### Problem to work on
Take the material below from its first line through the line containing "Definition i1 : 'I_3 := @Ordinal 3 1 isT." and, please, write those lines again exactly.

### Provided records
(* Let $q$ be a prime power with $q\equiv 1 \pmod 3$, let $\delta\in\mathbb{F}_q$ be a cubic nonresidue, and let $\mathbb{F}_q(\delta^{1/3})$ be the cubic extension with $\mathbb{F}_q$-basis $\{1,\delta^{1/3},\delta^{2/3}\}$; write $\alpha=\alpha_1+\alpha_2\delta^{1/3}+\alpha_3\delta^{2/3}$ with $\alpha_i\in\mathbb{F}_q$. Let $\mathbb{H}_q=\{(\alpha,\beta)\in \mathbb{F}_q(\delta^{1/3})^2 : \alpha_2\beta_3-\alpha_3\beta_2\neq 0\}$ with the action of $\mathrm{GL}_3(\mathbb{F}_q)$ given by \[ \begin{bmatrix} a & b & c\\ d & e & f\\ r & s & t \end{bmatrix} (\alpha,\beta) = \left(\frac{a\alpha+b\beta+c}{r\alpha+s\beta+t}, \frac{d\alpha+e\beta+f}{r\alpha+s\beta+t} \right). \] Let \[H=\left\{\begin{bmatrix} d & y & x\\ 0 & c & b\\ 0 & 0 & d\end{bmatrix} : c,d\in\mathbb{F}_q^\times,\ b,x,y\in\mathbb{F}_q\right\}\] (the centralizer in $\mathrm{GL}_3(\mathbb{F}_q)$ of $\begin{bmatrix} a&0&a\\0&a&0\\0&0&a\end{bmatrix}$, $a\neq 0$). Then \[\{(u\delta^{1/3},\,v\delta^{1/3}+\delta^{2/3}) : u,v\in\mathbb{F}_q,\ u\neq 0\}\ \sqcup\ \{(\delta^{1/3}+u\delta^{2/3},\,\delta^{1/3}) : u\in\mathbb{F}_q^\times\}\] is a fundamental domain for the action of $H$ on $\mathbb{H}_q$.
   Context: A fundamental domain for the action of a subgroup $H$ on $\mathbb{H}_q$ is a subset of $\mathbb{H}_q$ containing exactly one element of each $H$-orbit. A cubic nonresidue is an element of $\mathbb{F}_q^\times$ that is not a cube in $\mathbb{F}_q$. *)

From HB Require Import structures.
From mathcomp Require Import all_boot all_order all_algebra all_field.
Set Implicit Arguments. Unset Strict Implicit. Unset Printing Implicit Defensive.
Import GRing.Theory.
Local Open Scope ring_scope.

Section Defs.
Variables (F : finFieldType) (L : fieldExtType F) (w : L).

Definition i0 : 'I_3 := @Ordinal 3 0 isT.
Definition i1 : 'I_3 := @Ordinal 3 1 isT.
Definition i2 : 'I_3 := @Ordinal 3 2 isT.

Definition cubic_nonresidue (delta : F) : Prop :=
  delta != 0 /\ ~ (exists x : F, x ^+ 3 = delta).

(* the F-basis {1, w, w^2} of F(delta^{1/3}) (w = delta^{1/3}) *)
Definition cbasis : 3.-tuple L := [tuple 1; w; w ^+ 2].

(* coordinates alpha_1, alpha_2, alpha_3 of alpha in this basis *)
Definition cco (i : 'I_3) (x : L) : F := coord cbasis i x.

Definition Hq (p : L * L) : Prop :=
  cco i1 p.1 * cco i2 p.2 - cco i2 p.1 * cco i1 p.2 != 0.

Definition gact (A : 'M[F]_3) (p : L * L) : L * L :=
  let den := A i2 i0 *: p.1 + A i2 i1 *: p.2 + (A i2 i2)%:A in
  ((A i0 i0 *: p.1 + A i0 i1 *: p.2 + (A i0 i2)%:A) / den,
   (A i1 i0 *: p.1 + A i1 i1 *: p.2 + (A i1 i2)%:A) / den).

Definition Hgrp (A : 'M[F]_3) : Prop :=
  (A i0 i0 != 0) /\ (A i1 i1 != 0) /\ (A i2 i2 = A i0 i0) /\
  (A i1 i0 = 0) /\ (A i2 i0 = 0) /\ (A i2 i1 = 0).

Definition D1 (p : L * L) : Prop :=
  exists u v : F, u != 0 /\ p = (u *: w, v *: w + w ^+ 2).
Definition D2 (p : L * L) : Prop :=
  exists u : F, u != 0 /\ p = (w + u *: w ^+ 2, w).

Definition fundamental_domain (G : 'M[F]_3 -> Prop) (X D : L * L -> Prop) : Prop :=
  (forall p, D p -> X p) /\
  (forall p, X p -> exists d, (D d /\ exists g, G g /\ gact g p = d) /\
       forall d', D d' -> (exists g, G g /\ gact g p = d') -> d' = d).
End Defs.

From mathcomp Require Import all_boot all_order all_algebra all_field.
From mathcomp Require Import ring.
Import GRing.Theory.
Local Open Scope ring_scope.

(** Write [alpha = a0 + a1 w + a2 w^2] and [beta = b0 + b1 w + b2 w^2].  An
element of [H] acts as the affine map [(alpha, beta) |-> (alpha + Y beta + X,
C beta + B)] with [C <> 0], and every such map comes from [H].  The translations
kill the constant coordinates, [C] rescales [beta] and [Y] shears [alpha] along
[beta]; the determinant [a1 b2 - a2 b1] is multiplied by [C].  If [b2 <> 0] one
normalises [b2 = 1] and [a2 = 0], landing in the first piece at the point given
by the invariants [(a1 b2 - a2 b1) / b2] and [b1 / b2].  If [b2 = 0], a condition
preserved by [H], then [a2] is invariant and one normalises [b1 = a1 = 1],
landing in the second piece. *)

Lemma irreducible_XcubesubC {F : fieldType} (delta : F) :
  ~ (exists x : F, x ^+ 3 = delta) -> irreducible_poly ('X^3 - delta%:P).
Proof.
move=> ncube; apply: cubic_irreducible => [|x]; first by rewrite size_XnsubC.
by rewrite /root !hornerE subr_eq0; apply/eqP => x3; apply: ncube; exists x.
Qed.

Lemma free_cube_root_powers {F : fieldType} {L : fieldExtType F} {delta : F} {w : L} :
  ~ (exists x : F, x ^+ 3 = delta) -> w ^+ 3 = delta%:A -> free [tuple 1; w; w ^+ 2].
Proof.
move=> ncube w3; apply/freeP => k k_w i.
pose P : {poly F} := \poly_(j < 3) k (inord j).
pose q : {poly F} := 'X^3 - delta%:P.
have root_q : root (map_poly (in_alg L) q) w.
  by rewrite /root rmorphB /= map_polyXn map_polyC !hornerE w3 subrr.
have root_P : root (map_poly (in_alg L) P) w.
  rewrite /root -k_w /P poly_def rmorph_sum horner_sum !big_ord_recr !big_ord0 /=.
  rewrite !map_polyZ !map_polyXn !hornerZ !hornerXn !mulr_algl !add0r expr0 expr1.
  apply/eqP.
  by congr (_%:A + _ *: _ + _ *: _); congr k; apply/val_inj; rewrite /= inordK.
have P0 : P = 0.
  apply/eqP; apply: contraTT root_P => nzP.
  apply: coprimep_root root_q; rewrite coprimep_map.
  rewrite irreducible_poly_coprime; last exact: irreducible_XcubesubC.
  apply/negP => /(dvdp_leq nzP); rewrite size_XnsubC // leqNgt.
  by rewrite (leq_ltn_trans (size_poly _ _)).
by have := congr1 (coefp i) P0; rewrite /= coef_poly ltn_ord inord_val coef0.
Qed.

(* Turns scalings into products in [L], which [ring] and [field] can handle. *)
Lemma scale_in_alg {F : fieldType} {L : fieldExtType F} (a : F) (x : L) :
  a *: x = in_alg L a * x.
Proof. by rewrite in_algE mulr_algl. Qed.

Section Action.
Context {F : finFieldType} {L : fieldExtType F}.

Definition haff (Y X C B : F) (p : L * L) : L * L :=
  (p.1 + Y *: p.2 + X%:A, C *: p.2 + B%:A).

Lemma gact_Hgrp g p : Hgrp g ->
  gact g p = haff (g i0 i1 / g i0 i0) (g i0 i2 / g i0 i0)
                  (g i1 i1 / g i0 i0) (g i1 i2 / g i0 i0) p.
Proof.
move=> [g00 [_ [g22 [g10 [g20 g21]]]]].
have g00L : in_alg L (g i0 i0) != 0 by rewrite fmorph_eq0.
rewrite /gact /haff g22 g10 g20 g21 !scale0r !add0r.
by congr (_, _); rewrite !scale_in_alg; field.
Qed.

Definition hmx (Y X C B : F) : 'M[F]_3 :=
  \matrix_(i, j) nth 0 (nth [::] [:: [:: 1; Y; X]; [:: 0; C; B]; [:: 0; 0; 1]] i) j.

Lemma Hgrp_hmx Y X C B : C != 0 -> Hgrp (hmx Y X C B).
Proof. by move=> C_neq0; rewrite /Hgrp !mxE /= oner_neq0. Qed.

Lemma Hgrp_orbitE (p d : L * L) :
  (exists g, Hgrp g /\ gact g p = d) <->
  exists Y X C B : F, C != 0 /\ haff Y X C B p = d.
Proof.
split=> [[g [Hg <-]] | [Y [X [C [B [C_neq0 <-]]]]]].
  have [g00 [g11 _]] := Hg.
  do 4 eexists; split; last by rewrite gact_Hgrp.
  by rewrite mulf_neq0 ?invr_eq0.
have Hg := Hgrp_hmx Y X C B C_neq0.
by exists (hmx Y X C B); split=> //; rewrite gact_Hgrp // !mxE /= !divr1.
Qed.

End Action.

Section Coordinates.
Context {F : finFieldType} {L : fieldExtType F} (w : L).

Definition ccomb (x0 x1 x2 : F) : L := x0%:A + x1 *: w + x2 *: w ^+ 2.

Lemma haff_ccomb Y X C B a0 a1 a2 b0 b1 b2 :
  haff Y X C B (ccomb a0 a1 a2, ccomb b0 b1 b2) =
  (ccomb (a0 + Y * b0 + X) (a1 + Y * b1) (a2 + Y * b2),
   ccomb (C * b0 + B) (C * b1) (C * b2)).
Proof. by rewrite /haff /ccomb /=; congr (_, _); rewrite !scale_in_alg; ring. Qed.

Lemma ccomb_sum x0 x1 x2 :
  ccomb x0 x1 x2 = \sum_(i < 3) [:: x0; x1; x2]`_i *: (cbasis w)`_i.
Proof. by rewrite !big_ord_recl big_ord0 addr0 addrA. Qed.

Definition hrep (a1 a2 b1 b2 : F) : L * L :=
  if b2 != 0 then (ccomb 0 ((a1 * b2 - a2 * b1) / b2) 0, ccomb 0 (b1 / b2) 1)
  else (ccomb 0 1 a2, ccomb 0 1 0).

End Coordinates.

Section Basis.
Context {F : finFieldType} {L : fieldExtType F} {w : L}.
Hypothesis basis_w : basis_of fullv (cbasis w).

Lemma cco_ccomb i x0 x1 x2 : cco w i (ccomb w x0 x1 x2) = [:: x0; x1; x2]`_i.
Proof. by rewrite /cco ccomb_sum coord_sum_free // (basis_free basis_w). Qed.

Lemma ccomb_cco x : ccomb w (cco w i0 x) (cco w i1 x) (cco w i2 x) = x.
Proof.
rewrite ccomb_sum {4}(coord_basis basis_w (memvf x)).
by apply: eq_bigr => -[[|[|[|//]]] ?] _ /=; congr (coord _ _ _ *: _); apply: val_inj.
Qed.

Lemma ccomb_surj x : exists a0 a1 a2, x = ccomb w a0 a1 a2.
Proof. by exists (cco w i0 x), (cco w i1 x), (cco w i2 x); rewrite ccomb_cco. Qed.

Lemma ccomb_inj a0 a1 a2 b0 b1 b2 :
  ccomb w a0 a1 a2 = ccomb w b0 b1 b2 -> [/\ a0 = b0, a1 = b1 & a2 = b2].
Proof.
move=> e; have c i := congr1 (cco w i) e.
by split; [move: (c i0) | move: (c i1) | move: (c i2)]; rewrite !cco_ccomb.
Qed.

Lemma HqE a0 a1 a2 b0 b1 b2 :
  Hq w (ccomb w a0 a1 a2, ccomb w b0 b1 b2) <-> a1 * b2 - a2 * b1 != 0.
Proof. by rewrite /Hq /= !cco_ccomb. Qed.

Lemma D1P d : D1 w d <-> exists u v, u != 0 /\ d = (ccomb w 0 u 0, ccomb w 0 v 1).
Proof.
by split=> -[u [v [u0 ->]]]; exists u, v; rewrite /ccomb !scale0r !add0r addr0 scale1r.
Qed.

Lemma D2P d : D2 w d <-> exists u, u != 0 /\ d = (ccomb w 0 1 u, ccomb w 0 1 0).
Proof.
by split=> -[u [u0 ->]]; exists u; rewrite /ccomb !scale0r !add0r addr0 !scale1r.
Qed.

Section Orbit.
Variables a0 a1 a2 b0 b1 b2 : F.
Hypothesis det_neq0 : a1 * b2 - a2 * b1 != 0.

Lemma hrep_D : D1 w (hrep w a1 a2 b1 b2) \/ D2 w (hrep w a1 a2 b1 b2).
Proof.
rewrite /hrep; case: ifPn => [b2_neq0 | /negPn/eqP b2_0].
  left; apply/D1P; exists ((a1 * b2 - a2 * b1) / b2), (b1 / b2).
  by rewrite mulf_neq0 ?invr_eq0.
right; apply/D2P; exists a2; split=> //.
by move: det_neq0; rewrite b2_0 mulr0 sub0r oppr_eq0 mulf_eq0 negb_or => /andP[].
Qed.

Lemma haff_hrep : exists Y X C B : F,
  C != 0 /\ haff Y X C B (ccomb w a0 a1 a2, ccomb w b0 b1 b2) = hrep w a1 a2 b1 b2.
Proof.
rewrite /hrep; case: ifPn => [b2_neq0 | /negPn/eqP b2_0].
  exists (- a2 / b2), (- (a0 - a2 / b2 * b0)), b2^-1, (- b0 / b2).
  by rewrite invr_eq0 haff_ccomb; split=> //; congr (_, _); congr ccomb; field.
have b1_neq0 : b1 != 0.
  by move: det_neq0; rewrite b2_0 mulr0 sub0r oppr_eq0 mulf_eq0 negb_or => /andP[].
exists ((1 - a1) / b1), (- (a0 + (1 - a1) / b1 * b0)), b1^-1, (- b0 / b1).
by rewrite invr_eq0 haff_ccomb b2_0; split=> //; congr (_, _); congr ccomb; field.
Qed.

Lemma orbit_hrep Y X C B d : C != 0 -> D1 w d \/ D2 w d ->
  haff Y X C B (ccomb w a0 a1 a2, ccomb w b0 b1 b2) = d -> d = hrep w a1 a2 b1 b2.
Proof.
move=> C_neq0 [/D1P[u [v [_ ->]]] | /D2P[u [_ ->]]];
  rewrite haff_ccomb => -[/ccomb_inj[_ e1 e2] /ccomb_inj[_ f1 f2]]; rewrite /hrep.
- have b2_neq0 : b2 != 0 by apply: contra_eq_neq f2 => ->; rewrite mulr0 eq_sym oner_neq0.
  have C_def : C = b2^-1 by apply: (mulIf b2_neq0); rewrite f2 mulVf.
  have Y_def : Y = - a2 / b2.
    by apply: (mulIf b2_neq0); rewrite divfK //; apply/eqP; rewrite -addr_eq0 addrC e2.
  by rewrite b2_neq0 -e1 -f1 C_def Y_def; congr (_, _); congr ccomb; field.
- have b2_0 : b2 = 0 by move/eqP: f2; rewrite mulf_eq0 (negbTE C_neq0) => /eqP.
  by rewrite b2_0 eqxx -e2 b2_0 mulr0 addr0.
Qed.

End Orbit.

End Basis.

Theorem proposition5p1 (F : finFieldType) (L : fieldExtType F)
    (delta : F) (w : L) :
  (#|F| %% 3 = 1)%N ->
  cubic_nonresidue delta ->
  (\dim {:L} = 3)%N ->
  w ^+ 3 = delta%:A ->
  (forall p, ~ (D1 w p /\ D2 w p)) /\
  @fundamental_domain F L (@Hgrp F) (Hq w) (fun p => D1 w p \/ D2 w p).
Proof.
(* The congruence is implied by the existence of a cubic nonresidue. *)
move=> _ [_ ncube] dimL w3.
have basis_w : basis_of fullv (cbasis w).
  by rewrite basisEfree (free_cube_root_powers ncube w3) subvf dimL size_tuple.
split.
  move=> p [/D1P[u [v [_ ->]]] /D2P[u' [_ []]]] _ /(ccomb_inj basis_w)[_ _].
  by apply/eqP; rewrite oner_neq0.
split.
  move=> p [/D1P[u [v [u_neq0 ->]]] | /D2P[u [u_neq0 ->]]]; apply/(HqE basis_w).
    by rewrite mulr1 mul0r subr0.
  by rewrite mulr0 mulr1 sub0r oppr_eq0.
move=> [a b]; have [a0 [a1 [a2 ->]]] := ccomb_surj basis_w a.
have [b0 [b1 [b2 ->]]] := ccomb_surj basis_w b.
move/(HqE basis_w) => det_neq0; exists (hrep w a1 a2 b1 b2); split.
  split; first exact: hrep_D.
  by apply/Hgrp_orbitE; apply: haff_hrep.
move=> d Dd /Hgrp_orbitE[Y [X [C [B [C_neq0 e]]]]].
exact: orbit_hrep C_neq0 Dd e.
Qed.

### Result below
(* Let $q$ be a prime power with $q\equiv 1 \pmod 3$, let $\delta\in\mathbb{F}_q$ be a cubic nonresidue, and let $\mathbb{F}_q(\delta^{1/3})$ be the cubic extension with $\mathbb{F}_q$-basis $\{1,\delta^{1/3},\delta^{2/3}\}$; write $\alpha=\alpha_1+\alpha_2\delta^{1/3}+\alpha_3\delta^{2/3}$ with $\alpha_i\in\mathbb{F}_q$. Let $\mathbb{H}_q=\{(\alpha,\beta)\in \mathbb{F}_q(\delta^{1/3})^2 : \alpha_2\beta_3-\alpha_3\beta_2\neq 0\}$ with the action of $\mathrm{GL}_3(\mathbb{F}_q)$ given by \[ \begin{bmatrix} a & b & c\\ d & e & f\\ r & s & t \end{bmatrix} (\alpha,\beta) = \left(\frac{a\alpha+b\beta+c}{r\alpha+s\beta+t}, \frac{d\alpha+e\beta+f}{r\alpha+s\beta+t} \right). \] Let \[H=\left\{\begin{bmatrix} d & y & x\\ 0 & c & b\\ 0 & 0 & d\end{bmatrix} : c,d\in\mathbb{F}_q^\times,\ b,x,y\in\mathbb{F}_q\right\}\] (the centralizer in $\mathrm{GL}_3(\mathbb{F}_q)$ of $\begin{bmatrix} a&0&a\\0&a&0\\0&0&a\end{bmatrix}$, $a\neq 0$). Then \[\{(u\delta^{1/3},\,v\delta^{1/3}+\delta^{2/3}) : u,v\in\mathbb{F}_q,\ u\neq 0\}\ \sqcup\ \{(\delta^{1/3}+u\delta^{2/3},\,\delta^{1/3}) : u\in\mathbb{F}_q^\times\}\] is a fundamental domain for the action of $H$ on $\mathbb{H}_q$.
   Context: A fundamental domain for the action of a subgroup $H$ on $\mathbb{H}_q$ is a subset of $\mathbb{H}_q$ containing exactly one element of each $H$-orbit. A cubic nonresidue is an element of $\mathbb{F}_q^\times$ that is not a cube in $\mathbb{F}_q$. *)

From HB Require Import structures.
From mathcomp Require Import all_boot all_order all_algebra all_field.
Set Implicit Arguments. Unset Strict Implicit. Unset Printing Implicit Defensive.
Import GRing.Theory.
Local Open Scope ring_scope.

Section Defs.
Variables (F : finFieldType) (L : fieldExtType F) (w : L).

Definition i0 : 'I_3 := @Ordinal 3 0 isT.
Definition i1 : 'I_3 := @Ordinal 3 1 isT.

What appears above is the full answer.